(* For an integer $n \geq 3$, let $W_n$ be the wheel graph of order $n+1$. Then $$\phi_{\mathbb{C}}(W_n) = \begin{cases} 2 & \text{if } n \text{ is even},\\ 1 + 2\sin\left(\frac{\pi}{6}\cdot\frac{n}{n-1}\right) & \text{if } n \equiv 1 \text{ or } 3 \pmod 6,\\ 1 + 2\sin\left(\frac{\pi}{6}\cdot\frac{n+1}{n}\right) & \text{if } n \equiv 5 \pmod 6.\end{cases}$$
   Context: The wheel graph $W_n$ ($n\ge 3$) consists of a cycle $v_0v_1\cdots v_{n-1}v_0$ of length $n$ together with one further vertex $u$ adjacent to every $v_j$. For a real number $r \geq 2$, a complex nowhere-zero $r$-flow on a graph $G$ is an orientation of $G$ together with a map $\varphi\colon E(G)\to\mathbb{C}$ such that $1 \le |\varphi(e)| \le r-1$ for every edge $e$ and, at every vertex, the sum of the values on incoming edges equals the sum of the values on outgoing edges. For a bridgeless graph $G$, the complex flow number $\phi_{\mathbb{C}}(G)$ is the minimum (equivalently infimum; it is attained) of the real numbers $r\ge 2$ such that $G$ admits a complex nowhere-zero $r$-flow. *)

From Stdlib Require Import Reals List Arith.
From Coquelicot Require Import Coquelicot.
Import ListNotations.
Open Scope R_scope.

(* A finite (multi)graph: vertices 0 .. nv-1, and a list of edges given by
   their two endpoints; edge number i is the i-th element of the list. *)
Record graph := Graph { nv : nat; edges : list (nat * nat) }.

────

◆ WHAT YOU ARE ASKED TO DO
The complete listing is needed again, with each line reproduced exactly.

◆ RESULT OF THE EXERCISE
(* For an integer $n \geq 3$, let $W_n$ be the wheel graph of order $n+1$. Then $$\phi_{\mathbb{C}}(W_n) = \begin{cases} 2 & \text{if } n \text{ is even},\\ 1 + 2\sin\left(\frac{\pi}{6}\cdot\frac{n}{n-1}\right) & \text{if } n \equiv 1 \text{ or } 3 \pmod 6,\\ 1 + 2\sin\left(\frac{\pi}{6}\cdot\frac{n+1}{n}\right) & \text{if } n \equiv 5 \pmod 6.\end{cases}$$
   Context: The wheel graph $W_n$ ($n\ge 3$) consists of a cycle $v_0v_1\cdots v_{n-1}v_0$ of length $n$ together with one further vertex $u$ adjacent to every $v_j$. For a real number $r \geq 2$, a complex nowhere-zero $r$-flow on a graph $G$ is an orientation of $G$ together with a map $\varphi\colon E(G)\to\mathbb{C}$ such that $1 \le |\varphi(e)| \le r-1$ for every edge $e$ and, at every vertex, the sum of the values on incoming edges equals the sum of the values on outgoing edges. For a bridgeless graph $G$, the complex flow number $\phi_{\mathbb{C}}(G)$ is the minimum (equivalently infimum; it is attained) of the real numbers $r\ge 2$ such that $G$ admits a complex nowhere-zero $r$-flow. *)

From Stdlib Require Import Reals List Arith.
From Coquelicot Require Import Coquelicot.
Import ListNotations.
Open Scope R_scope.

(* A finite (multi)graph: vertices 0 .. nv-1, and a list of edges given by
   their two endpoints; edge number i is the i-th element of the list. *)
Record graph := Graph { nv : nat; edges : list (nat * nat) }.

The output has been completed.